Let the magnitude of force exerted by each charge$\;q$ on the particle of charge $\dfrac{q}{2}$ be$\;F$. From Coulomb’s law, this will be equivalent to:
$F = \dfrac{kq\left(\dfrac{q}{2}\right)}{r^2}$
where k is the Coulomb’s constant, and r is the distance between the charges$\;q$ and $\dfrac{q}{2}$
The distance between$\;q$ and $\dfrac{q}{2}$ can be found by applying Pythagora's theorem to one of the right angles formed, as shown in the figure.
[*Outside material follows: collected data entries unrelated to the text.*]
(* Sylvester's exchange identity: expand both sides along the rows
   of [\det A *: z = (z *m \adj A) *m A], with [A = rows m S]. *)
Lemma sdet_exchange S T (p : 'I_m) z :
  sdet S * sdet (set_nth 0 T p z) =
  \sum_(i < m) sdet (set_nth 0 S i z) * sdet (set_nth 0 T p (nth 0 S i)).
Proof.
set A := rows m S.
rewrite sdet_set_nth big_distrr /=.
transitivity (\sum_j ((z *m \adj A) *m A) 0 j * cofactor (rows m T) p j).
  by apply: eq_bigr => j _; rewrite -mulmxA mul_adj_mx mul_mx_scalar mxE mulrA.
transitivity (\sum_j \sum_i (z *m \adj A) 0 i * A i j * cofactor (rows m T) p j).
  by apply: eq_bigr => j _; rewrite mxE big_distrl.
rewrite exchange_big /=; apply: eq_bigr => i _.
rewrite !sdet_set_nth big_distrr /=.
have -> : (z *m \adj A) 0 i = \sum_j z 0 j * cofactor A i j.
  by rewrite mxE; apply: eq_bigr => j _; rewrite mxE.
by apply: eq_bigr => j _; rewrite -mulrA rowsE.
Qed.

Lemma sdet_swap X Y x y : ((size X).+1 < m)%N ->
  sdet (X ++ x :: y :: Y) = - sdet (X ++ y :: x :: Y).
Proof.
move=> hs; have h1 : (size X < m)%N by lia.
pose i1 : 'I_m := Ordinal h1; pose i2 : 'I_m := Ordinal hs.
rewrite /sdet.
have -> : rows m (X ++ y :: x :: Y) = xrow i1 i2 (rows m (X ++ x :: y :: Y)).
  apply/matrixP => k j; rewrite !mxE !nth_cat; congr (_ 0 j).
  case: tpermP => [->|->|n1 n2] /=.
  - by rewrite ltnn subnn ltnNge leqnSn subSnn.
  - by rewrite ltnn subnn ltnNge leqnSn subSnn.
  case: ltnP => // hk; case E: (k - size X)%N => [|[|d]] //=.
  - by case: n1; apply: val_inj => /=; lia.
  - by case: n2; apply: val_inj => /=; lia.
rewrite xrowE det_mulmx det_perm odd_tperm.
by rewrite -val_eqE /= ltn_eqF // expr1 mulN1r opprK.
Qed.

Lemma sdet_move_end X Y x : (size X + size Y < m)%N ->
  sdet (X ++ x :: Y) = (-1) ^+ size Y * sdet (X ++ Y ++ [:: x]).
Proof.
elim: Y X => [|y Y IH] X /= hs; first by rewrite mul1r.
rewrite sdet_swap; last by lia.
rewrite -cat_rcons IH ?size_rcons; last by lia.
by rewrite cat_rcons exprS mulN1r mulNr.
Qed.

Lemma sdet_eq0 S : size S = m -> ~~ uniq S -> sdet S = 0.
Proof.
move=> hS /(uniqPn 0) [i [j [hij hj eq_ij]]].
have hj' : (j < m)%N by rewrite -hS.
have hi : (i < m)%N := ltn_trans hij hj'.
rewrite /sdet (@determinant_alternate _ _ _ (Ordinal hi) (Ordinal hj')) //.
  by rewrite -val_eqE /= ltn_eqF.
by move=> k; rewrite !rowsE eq_ij.
Qed.

Lemma sdet_plucker T a b c d : (size T + 2)%N = m ->
  sdet (T ++ [:: a; b]) * sdet (T ++ [:: c; d]) =
  sdet (T ++ [:: a; d]) * sdet (T ++ [:: c; b])
  + sdet (T ++ [:: a; c]) * sdet (T ++ [:: b; d]).
Proof.
move=> hm; have hp0 : (size T + 0 < m)%N by lia.
have hp1 : (size T + 1 < m)%N by lia.
have neq10 : Ordinal hp1 != Ordinal hp0 by rewrite -val_eqE /= eqn_add2l.
have := sdet_exchange (T ++ [:: a; b]) (T ++ [:: c; d]) (Ordinal hp1) d.
rewrite (bigD1 (Ordinal hp0)) // (bigD1 (Ordinal hp1)) //= big1 ?addr0.
  rewrite !set_nth_catr !nth_catr /= => ->.
  rewrite (@sdet_swap T [::] d b) ?(@sdet_swap T [::] c a) ?addn2; [ring | lia | lia].
move=> i /andP [ni0 ni1].
have hiT : (i < size T)%N.
  by move: ni0 ni1 (ltn_ord i); rewrite -!val_eqE /=; lia.
rewrite nth_cat hiT set_nth_catr /= [sdet (T ++ _)]sdet_eq0 ?mulr0 //.
  by rewrite size_cat.
by rewrite cat_uniq /= mem_nth // orbT andbF.
Qed.
End SeqDeterminant.

Section VolumeForm.
Variables (K : fieldType) (m : nat) (w0 : K).
Implicit Types (S T X Y : seq 'rV[K]_m) (x y z t : 'rV[K]_m).

Lemma volE S : vol w0 S = w0 * sdet S.
Proof. by []. Qed.

Lemma vol_move_end X Y x : (size X + size Y < m)%N ->
  vol w0 (X ++ x :: Y) = (-1) ^+ size Y * vol w0 (X ++ Y ++ [:: x]).
Proof. by move=> hs; rewrite !volE sdet_move_end // mulrCA. Qed.

Lemma vol_plucker T x y z t : (size T + 2)%N = m ->
  vol w0 (T ++ [:: x; y]) * vol w0 (T ++ [:: z; t]) =
  vol w0 (T ++ [:: x; t]) * vol w0 (T ++ [:: z; y])
  + vol w0 (T ++ [:: x; z]) * vol w0 (T ++ [:: y; t]).
Proof. by move=> hm; rewrite !volE mulrACA sdet_plucker //; ring. Qed.

Lemma vol_plucker_insert Q Wg Wh x y z t :
  (size Q + size Wg + size Wh + 2)%N = m ->
  vol w0 (Q ++ Wg ++ y :: Wh ++ [:: t]) * vol w0 (Q ++ x :: Wg ++ z :: Wh)
  = vol w0 (Q ++ x :: Wg ++ Wh ++ [:: t]) * vol w0 (Q ++ Wg ++ y :: z :: Wh)
  + vol w0 (Q ++ Wg ++ z :: Wh ++ [:: t]) * vol w0 (Q ++ x :: Wg ++ y :: Wh).
Proof.
(* Bring every determinant to the shape [vol (T ++ [:: _; _])]. *)
move=> hm; set T := Q ++ Wg ++ Wh.
have hT : (size T + 2)%N = m by rewrite !size_cat addnA.
have shift_Wh v : vol w0 (Q ++ Wg ++ v :: Wh ++ [:: t]) =
    - (-1) ^+ size Wh * vol w0 (T ++ [:: t; v]).
  rewrite catA vol_move_end ?size_cat /=; last by lia.
  by rewrite -!catA addn1 exprS mulN1r.
have shift_Wg_Wh v v' : vol w0 (Q ++ v :: Wg ++ v' :: Wh) =
    - (-1) ^+ size Wg * vol w0 (T ++ [:: v'; v]).
  rewrite (catA Q (v :: Wg)) vol_move_end ?size_cat /=; last by lia.
  rewrite -catA /= (vol_move_end (X := Q)) ?size_cat /=; last by lia.
  rewrite -!catA -[RHS](signrMK (size Wh)) !exprD; ring.
have shift_Wg : vol w0 (Q ++ x :: Wg ++ Wh ++ [:: t]) =
    - (-1) ^+ (size Wg + size Wh) * vol w0 (T ++ [:: t; x]).
  rewrite (vol_move_end (X := Q)) ?size_cat /=; last by lia.
  by rewrite -!catA addnA addn1 exprS mulN1r.
have shift_yz : vol w0 (Q ++ Wg ++ y :: z :: Wh) = - vol w0 (T ++ [:: z; y]).
  rewrite catA -cat_rcons vol_move_end ?size_rcons ?size_cat; last by lia.
  rewrite cat_rcons vol_move_end ?size_cat /=; last by lia.
  by rewrite -!catA -[RHS](signrMK (size Wh)) !exprD; ring.
rewrite !shift_Wh !shift_Wg_Wh shift_Wg shift_yz exprD mulrACA (vol_plucker _ _ _ _ hT).
ring.
Qed.
End VolumeForm.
$\Rightarrow r^2 = y^2+a^2 \Rightarrow r =\sqrt{y^2+a^2}$

Therefore, $F = \dfrac{kq^2}{2\left(y^2+a^2\right)}$
To find the net force acting on the particle, we resolve the force that they exert on the particle into their respective horizontal and vertical components. Let $\theta$ be the angle that the force exerted by the charges makes with the y-axis.
The net force along the horizontal direction will be:
 $F_{H} = F\;sin\theta + (-F\;sin\theta) = F\;sin\theta – F\;sin\theta = 0$
Therefore, no force acts on the particle of charge $\dfrac{q}{2}$ in the horizontal direction.
The net force acting along the vertical direction will be:
$F_{V} = F\;cos\theta + F\;cos\theta = 2F\;cos\theta$
Therefore, the total force acting on the particle of charge $\dfrac{q}{2}$ will be the sum of the forces acting on it in the horizontal and vertical directions, i.e.,
$F_{net} = F_{H} +F_{V} = 0 + 2F\;cos\theta = 2F\;cos\theta$
But $F = \dfrac{kq^2}{2\left(y^2+a^2\right)}$
Therefore, $F_{net} = \dfrac{2kq^2}{2\left(y^2+a^2\right)}\;cos\theta = \dfrac{kq^2}{\left(y^2+a^2\right)}\;cos\theta$
From the diagram, taking any one of the right-angled triangles, we have:
$cos\theta = \dfrac{y}{r} = \dfrac{y}{\sqrt{\left(y^2+a^2\right)}}$
Plugging this into our net force equation we get:
$F_{net} = \dfrac{2kq^2}{2\left(y^2+a^2\right)}\;cos\theta = \dfrac{kq^2}{\left(y^2+a^2\right)}. \dfrac{y}{\sqrt{\left(y^2+a^2\right)}}$
$\Rightarrow F_{net} = \dfrac{kq^2y}{\left(y^2+a^2\right)^{3/2}}$
But we are given that $y << a$ which means that we can approximate $y^2 +a^2 \approx a^2$, so the above equation becomes:
$F_{net} = \dfrac{kq^2y}{\left(a^2\right)^{3/2}} = \dfrac{kq^2y}{\left(a^2\right)}$
$\Rightarrow F_{net} \propto y$
Therefore, the correct option is D.$\;y$

Note: While resolving the vectors into their horizontal and vertical components, remember to assign the sine and cosine values correctly since it is a common misconception that the horizontal side is always the cosine part and the vertical side is the sine part.
The correct way to go about this would be to establish that the component that is adjacent to $\theta$ assumes a cosine value, whereas the component that is opposite to $\theta$ assumes a sine value.